What you are asked to do:
Go through the records, and copy each line in which the string "Require" is present.
Supplied information START
(* Let $S\subseteq\mathbb{R}^m$ be a condensed space and let $I\subseteq\mathscr{C}(S)[x_1,\dots,x_n]$ be a condensed ideal. Then $I$ is finitely generated.
   Context: $S\subseteq\mathbb{R}^m$ carries the Euclidean subspace topology; $\mathscr{C}(S)$ is the ring of continuous complex-valued functions on $S$. A polynomial function on $S$ is the restriction to $S$ of a polynomial in the $m$ real coordinates with complex coefficients; $\mathscr{P}(S)$ is the ring of these. A real algebraic subset of $S$ is the common zero set in $S$ of finitely many elements of $\mathscr{P}(S)$. $S$ is condensed if every real algebraic subset $V\subseteq S$ with $V\neq S$ is nowhere dense in $S$. $\mathscr{R}(S)=\{f/g: f,g\in\mathscr{P}(S),\ g \text{ has no zero on } S\}$. An ideal $I\subseteq\mathscr{C}(S)[x_1,\dots,x_n]$ is condensed if it is generated by some elements of $\mathscr{R}(S)[x_1,\dots,x_n]$. *)

From HB Require Import structures.
From mathcomp Require Import all_boot all_order all_algebra.
From mathcomp Require Import reals.
From mathcomp Require Import complex.
From mathcomp Require Import mpoly.

Set Implicit Arguments. Unset Strict Implicit. Unset Printing Implicit Defensive.
Import Order.TTheory GRing.Theory Num.Theory.
Local Open Scope ring_scope.

Section CondensedDefs.
Variables (R : realType) (m n : nat).

Local Notation pt := 'rV[R]_m.
Local Notation C := (complex R).

Definition dist2 (x y : pt) : R := \sum_(i < m) (x 0 i - y 0 i) ^+ 2.

Definition pts (S : pt -> Prop) := {x : pt | S x}.

Definition cont_on (S : pt -> Prop) (f : pts S -> C) : Prop :=
  forall (p : pts S) (e : R), 0 < e ->
    exists2 d : R, 0 < d &
      forall q : pts S, dist2 (proj1_sig q) (proj1_sig p) < d ^+ 2 ->
        `|f q - f p| < (e%:C)%C.

Definition peval (p : {mpoly C[m]}) (x : pt) : C :=
  p.@[fun i => ((x 0 i)%:C)%C].

Definition zero_set (S : pt -> Prop) (ps : seq {mpoly C[m]}) : pt -> Prop :=
  fun x => S x /\ (forall p, p \in ps -> peval p x = 0).

Definition rel_closure (S V : pt -> Prop) : pt -> Prop :=
  fun x => S x /\ forall e : R, 0 < e -> exists v, V v /\ dist2 v x < e ^+ 2.

Definition nowhere_dense_in (S V : pt -> Prop) : Prop :=
  ~ (exists p, S p /\ exists2 r : R, 0 < r &
       forall q, S q -> dist2 q p < r ^+ 2 -> rel_closure S V q).

Definition condensed (S : pt -> Prop) : Prop :=
  forall ps : seq {mpoly C[m]},
    ~ (forall x, zero_set S ps x <-> S x) -> nowhere_dense_in S (zero_set S ps).

Definition rational_fun (S : pt -> Prop) (f : pts S -> C) : Prop :=
  exists (p q : {mpoly C[m]}),
    (forall x : pts S, peval q (proj1_sig x) != 0) /\
    (forall x : pts S, f x = peval p (proj1_sig x) / peval q (proj1_sig x)).

(* A polynomial in x_1..x_n with coefficients in a ring of functions S -> C is
   represented pointwise, as a map P : S -> C[x_1..x_n] with uniformly bounded
   degree; its coefficient at the monomial mon is s |-> (P s)@_mon. *)
Definition polyfun (S : pt -> Prop) := pts S -> {mpoly C[n]}.

Definition poly_over (S : pt -> Prop) (A : (pts S -> C) -> Prop)
    (P : polyfun S) : Prop :=
  (exists d : nat, forall s, (msize (P s) <= d)%N) /\
  (forall mon : 'X_{1..n}, A (fun s => (P s)@_mon)).

Definition CS_poly (S : pt -> Prop) := poly_over (@cont_on S).
Definition RS_poly (S : pt -> Prop) := poly_over (@rational_fun S).

Definition ideal_gen (S : pt -> Prop) (G : polyfun S -> Prop)
    (P : polyfun S) : Prop :=
  exists (k : nat) (c g : 'I_k -> polyfun S),
    (forall i, CS_poly (c i)) /\ (forall i, G (g i)) /\
    (forall s, P s = \sum_(i < k) c i s * g i s).

Definition condensed_ideal (S : pt -> Prop) (I : polyfun S -> Prop) : Prop :=
  exists G : polyfun S -> Prop,
    (forall P, G P -> RS_poly P) /\ (forall P, I P <-> ideal_gen G P).

Definition fin_gen_ideal (S : pt -> Prop) (I : polyfun S -> Prop) : Prop :=
  exists (k : nat) (g : 'I_k -> polyfun S),
    (forall i, CS_poly (g i)) /\
    (forall P, I P <-> ideal_gen (fun Q => exists i, forall s, Q s = g i s) P).

End CondensedDefs.

(* Write P in R(S)[x] as a/u, where a is a polynomial in C[y_1..y_m, x_1..x_n]
   specialised at y = s and u in C[y] has no zero on S.  By Hilbert's basis
   theorem the numerators of the generators of I all lie in the ideal of
   C[y, x] spanned by finitely many of them, g_1 .. g_k.  Specialising at
   y = s and dividing by the continuous, nowhere vanishing denominators turns
   this into an expression of every generator as a C(S)[x]-combination of
   g_1 .. g_k. *)

From mathcomp Require Import all_boot all_order all_algebra reals complex mpoly.
From mathcomp Require Import ring lra.
From Stdlib Require Import ClassicalEpsilon FunctionalExtensionality.

Set Implicit Arguments. Unset Strict Implicit. Unset Printing Implicit Defensive.
Import Order.TTheory GRing.Theory Num.Theory.
Local Open Scope ring_scope.

Section Dickson.
Variable N : nat.
Implicit Types (M : 'X_{1..N} -> Prop) (C : seq 'I_N).

Definition mnm_le_on C (l x : 'X_{1..N}) := all (fun j => l j <= x j)%N C.

(* Induction on [C]: an [x] that does not dominate a fixed [a] on [C] has
   [x i < a i] for some [i] in [C], and each of the finitely many slices
   [x i = v], [v < a i], is handled on [rem i C]. *)
Lemma dickson_on k C M : (size C <= k)%N ->
  exists L : seq 'X_{1..N}, (forall l, l \in L -> M l) /\
    (forall x, M x -> exists2 l, l \in L & mnm_le_on C l x).
Proof.
elim: k C M => [|k IH] C M hC.
  have -> : C = [::] by case: C hC.
  have [[a Ma]|nM] := classic (exists x, M x); last first.
    by exists [::]; split => // x Mx; case: nM; exists x.
  exists [:: a]; split => [l|x _]; first by rewrite inE => /eqP ->.
  by exists a; rewrite ?inE.
have [[a Ma]|nM] := classic (exists x, M x); last first.
  by exists [::]; split => // x Mx; case: nM; exists x.
have slice (iv : 'I_N * nat) : exists L : seq 'X_{1..N}, iv.1 \in C ->
    (forall l, l \in L -> M l /\ l iv.1 = iv.2) /\
    (forall x, M x -> x iv.1 = iv.2 ->
       exists2 l, l \in L & mnm_le_on (rem iv.1 C) l x).
  case: iv => i v /=; have [iC|] := boolP (i \in C); last by exists [::].
  have hs : (size (rem i C) <= k)%N by rewrite size_rem //; case: (size C) hC.
  have [L [LM LC]] := IH (rem i C) (fun x => M x /\ x i = v) hs.
  by exists L => _; split => // x Mx xi; apply: LC.
have [F HF] := ClassicalEpsilon.choice _ slice.
exists (a :: flatten [seq flatten [seq F (i, v) | v <- iota 0 (a i)] | i <- C]).
split=> [l|x Mx].
  rewrite inE => /orP[/eqP -> //|/flatten_mapP [i iC /flatten_mapP [v _ lF]]].
  by have [/(_ _ lF) []] := HF (i, v) iC.
have [hax|] := boolP (mnm_le_on C a x); first by exists a; rewrite ?inE ?eqxx.
case/allPn => i iC; rewrite -ltnNge => xi.
have [sliceM sliceL] := HF (i, x i) iC.
have [l lF hl] := sliceL x Mx (erefl _).
exists l.
  rewrite inE; apply/orP; right; apply/flatten_mapP; exists i => //.
  by apply/flatten_mapP; exists (x i) => //; rewrite mem_iota add0n.
apply/allP => j jC; have [->|ji] := eqVneq j i; first by rewrite (sliceM _ lF).2.
by move/allP: hl; apply; apply: rem_mem.
Qed.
Supplied information END
Output for this task:
From HB Require Import structures.
From mathcomp Require Import all_boot all_order all_algebra.
From mathcomp Require Import reals.
From mathcomp Require Import complex.
From mathcomp Require Import mpoly.
From mathcomp Require Import all_boot all_order all_algebra reals complex mpoly.
From mathcomp Require Import ring lra.
From Stdlib Require Import ClassicalEpsilon FunctionalExtensionality.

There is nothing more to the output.